YOUR TASK.
Lines below that hold the word "unfold" must be copied in full.
------ RECORDED INFORMATION
(* As $N\to\infty$, $$\min\Big\{\big\|\sqrt m-\sqrt n\big\| : 1\le m,n\le N,\ m\ne n,\ \sqrt m\notin\mathbb{Z},\ \sqrt n\notin\mathbb{Z}\Big\}\sim\frac{1}{2N^{3/2}}.$$
   Context: For $x\in\mathbb{R}$, $\|x\|=\min_{k\in\mathbb{Z}}|x-k|$ denotes the distance to the nearest integer. $f(N)\sim g(N)$ means $f(N)/g(N)\to1$. *)

From Stdlib Require Import Reals List ClassicalDescription.
From Coquelicot Require Import Coquelicot.
Import ListNotations.
Open Scope R_scope.

(* ||x|| = min_{k in Z} |x - k|: the minimum is attained at floor x or floor x + 1
   (Int_part x is the floor of x). *)
Definition distZ (x : R) : R :=
  Rmin (Rabs (x - IZR (Int_part x))) (Rabs (x - IZR (Int_part x + 1))).

Definition notZ (x : R) : Prop := forall k : Z, x <> IZR k.

(* admissible pair (m,n) with 1 <= m,n <= N is enforced by ranging over seq 1 N *)
Definition adm (m n : nat) : Prop :=
  m <> n /\ notZ (sqrt (INR m)) /\ notZ (sqrt (INR n)).

Definition vals (N : nat) : list R :=
  flat_map (fun m =>
    flat_map (fun n =>
      if excluded_middle_informative (adm m n)
      then [distZ (sqrt (INR m) - sqrt (INR n))] else [])
    (seq 1 N))
  (seq 1 N).

(* the minimum of that (finite) set; the value 0 for an empty set (N <= 2) is
   irrelevant for the asymptotic statement *)
Definition delta (N : nat) : R :=
  match vals N with
  | [] => 0
  | x :: l => fold_right Rmin x l
  end.

(* Let x = sqrt m, y = sqrt n and let k be the integer nearest to x - y.  The product of
   the four conjugates (x - y - k)(x + y - k)(x + y + k)(x - y + k) equals the integer
   (m + k^2 - n)^2 - 4 k^2 m, and it is nonzero: x - y or x + y being an integer would make
   sqrt n rational, hence an integer.  The last three factors are at most about 2 sqrt N,
   sqrt N, sqrt N in size, so ||sqrt m - sqrt n|| >= 1 / ((2 sqrt N + 1/2)(sqrt N + 1/2)^2).
   Conversely, for m = 4a^2 + 2, n = a^2 + 1 and k = a the integer is exactly 1, which gives
   ||sqrt m - sqrt n|| <= 1 / (4a^2 (4a - 1)); choosing a close to sqrt N / 2 matches the
   lower bound asymptotically. *)

From Stdlib Require Import Reals Lia Lra Psatz ZArith Zwf List ClassicalDescription.
From Coquelicot Require Import Coquelicot.
Import ListNotations.
Open Scope R_scope.

Lemma Z_rational_sqrt_is_square (a : Z) : (0 < a)%Z ->
  forall n b : Z, (b * b = n * a * a)%Z -> exists r, (0 <= r)%Z /\ n = (r * r)%Z.
Proof.
  induction a as [a IH] using (well_founded_ind (Zwf_well_founded 0)).
  intros Ha n b Hb.
  assert (Hn : (0 <= n)%Z) by nia.
  destruct (Z.sqrt_spec n Hn) as [Hr1 Hr2].
  assert (Hr0 : (0 <= Z.sqrt n)%Z) by apply Z.sqrt_nonneg.
  set (r := Z.sqrt n) in *.
  destruct (Z.eq_dec n (r * r)) as [E | E].
  { now exists r. }
  set (c := Z.abs b).
  assert (Hc : (c * c = n * a * a)%Z) by (unfold c; nia).
  assert (Hc0 : (0 <= c)%Z) by apply Z.abs_nonneg.
  (* Descent: with r = floor (sqrt n) we get r a < c < (r + 1) a, and
     (n a - r c)^2 = n (c - r a)^2 has the smaller denominator c - r a. *)
  assert (Hlow : (r * a < c)%Z).
  { destruct (Z_lt_le_dec (r * a) c) as [h | h]; [exact h|].
    assert (c * c <= (r * a) * (r * a))%Z by nia. nia. }
  assert (Hhigh : (c < (r + 1) * a)%Z).
  { destruct (Z_lt_le_dec c ((r + 1) * a)) as [h | h]; [exact h|].
    assert ((r + 1) * a * ((r + 1) * a) <= c * c)%Z by nia. unfold Z.succ in Hr2. nia. }
  apply (IH (c - r * a)%Z ltac:(unfold Zwf; lia) ltac:(lia) n (n * a - r * c)%Z).
  transitivity (n * (c - r * a) * (c - r * a) + (r * r - n) * (c * c - n * a * a))%Z; [ring|].
  rewrite Hc. ring.
Qed.

Lemma notZ_opp (y : R) : notZ y -> notZ (- y).
Proof. intros Hy k E. apply (Hy (- k)%Z). rewrite opp_IZR, <- E. ring. Qed.

Lemma sqr_nat_notZ_irrational (n : nat) (y : R) (j L : Z) :
  y * y = INR n -> notZ y -> j <> 0%Z -> IZR j * y <> IZR L.
Proof.
  intros Hy HyZ Hj E.
  assert (HL : (L * L = Z.of_nat n * Z.abs j * Z.abs j)%Z).
  { apply eq_IZR. rewrite !mult_IZR, <- E, <- INR_IZR_INZ, <- Hy.
    destruct (Z.abs_spec j) as [[_ ->] | [_ ->]]; rewrite ?opp_IZR; ring. }
  destruct (Z_rational_sqrt_is_square (Z.abs j) ltac:(lia) _ _ HL) as [r [_ Hn]].
  assert (Hyr : (y - IZR r) * (y + IZR r) = 0).
  { transitivity (y * y - IZR r * IZR r); [ring|].
    rewrite Hy, INR_IZR_INZ, Hn, mult_IZR. ring. }
  destruct (Rmult_integral _ _ Hyr) as [Hr | Hr].
  - apply (HyZ r). lra.
  - apply (HyZ (- r)%Z). rewrite opp_IZR. lra.
Qed.

Lemma sqr_nat_diff_integer_eq (m n : nat) (x y : R) (j : Z) :
  x * x = INR m -> y * y = INR n -> notZ y -> x - y = IZR j -> m = n.
Proof.
  intros Hx Hy HyZ E.
  destruct (Z.eq_dec j 0) as [-> | Hj].
  - apply INR_eq. rewrite <- Hx, <- Hy. replace x with y by (simpl in E; lra). reflexivity.
  - exfalso.
    apply (sqr_nat_notZ_irrational n y (2 * j) (Z.of_nat m - Z.of_nat n - j * j) Hy HyZ ltac:(lia)).
    rewrite !minus_IZR, !mult_IZR, <- !INR_IZR_INZ, <- Hx, <- Hy.
    replace x with (y + IZR j) by lra. ring.
Qed.

Lemma sqrt_INR_between_squares_notZ (q a : nat) :
  (a * a < q < (a + 1) * (a + 1))%nat -> notZ (sqrt (INR q)).
Proof.
  intros H k E.
  assert (Hk : (0 <= k)%Z) by (apply le_IZR; rewrite <- E; apply sqrt_pos).
  assert (Hq : Z.of_nat q = (k * k)%Z).
  { apply eq_IZR. rewrite <- INR_IZR_INZ, mult_IZR, <- E. rewrite sqrt_sqrt; [reflexivity | apply pos_INR]. }
  destruct (Z_le_gt_dec k (Z.of_nat a)); nia.
Qed.

Lemma distZ_ge0 (z : R) : 0 <= distZ z.
Proof. unfold distZ. apply Rmin_glb; apply Rabs_pos. Qed.

Lemma distZ_le (z : R) (k : Z) : distZ z <= Rabs (z - IZR k).
Proof.
  destruct (base_Int_part z) as [H1 H2]. unfold distZ. rewrite plus_IZR.
  destruct (Z_le_gt_dec k (Int_part z)) as [h | h].
  - apply IZR_le in h. eapply Rle_trans; [apply Rmin_l|]. rewrite !Rabs_right; lra.
  - assert (h' : (Int_part z + 1 <= k)%Z) by lia.
    apply IZR_le in h'. rewrite plus_IZR in h'.
    eapply Rle_trans; [apply Rmin_r|]. rewrite !Rabs_left1; lra.
Qed.

Lemma distZ_attained (z : R) : exists k : Z, distZ z = Rabs (z - IZR k) /\ Rabs (z - IZR k) <= 1/2.
Proof.
  destruct (base_Int_part z) as [H1 H2]. unfold distZ. rewrite plus_IZR.
  rewrite (Rabs_right (z - IZR (Int_part z))), (Rabs_left1 (z - (IZR (Int_part z) + 1))) by lra.
  destruct (Rle_dec (z - IZR (Int_part z)) (- (z - (IZR (Int_part z) + 1)))) as [h | h].
  - exists (Int_part z). rewrite Rmin_left, Rabs_right; lra.
  - exists (Int_part z + 1)%Z. rewrite Rmin_right, plus_IZR, Rabs_left1; lra.
Qed.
------------
OUTPUT OF THE EXERCISE.
  assert (Hc : (c * c = n * a * a)%Z) by (unfold c; nia).
    assert ((r + 1) * a * ((r + 1) * a) <= c * c)%Z by nia. unfold Z.succ in Hr2. nia. }
  apply (IH (c - r * a)%Z ltac:(unfold Zwf; lia) ltac:(lia) n (n * a - r * c)%Z).
Proof. unfold distZ. apply Rmin_glb; apply Rabs_pos. Qed.
  destruct (base_Int_part z) as [H1 H2]. unfold distZ. rewrite plus_IZR.
  destruct (base_Int_part z) as [H1 H2]. unfold distZ. rewrite plus_IZR.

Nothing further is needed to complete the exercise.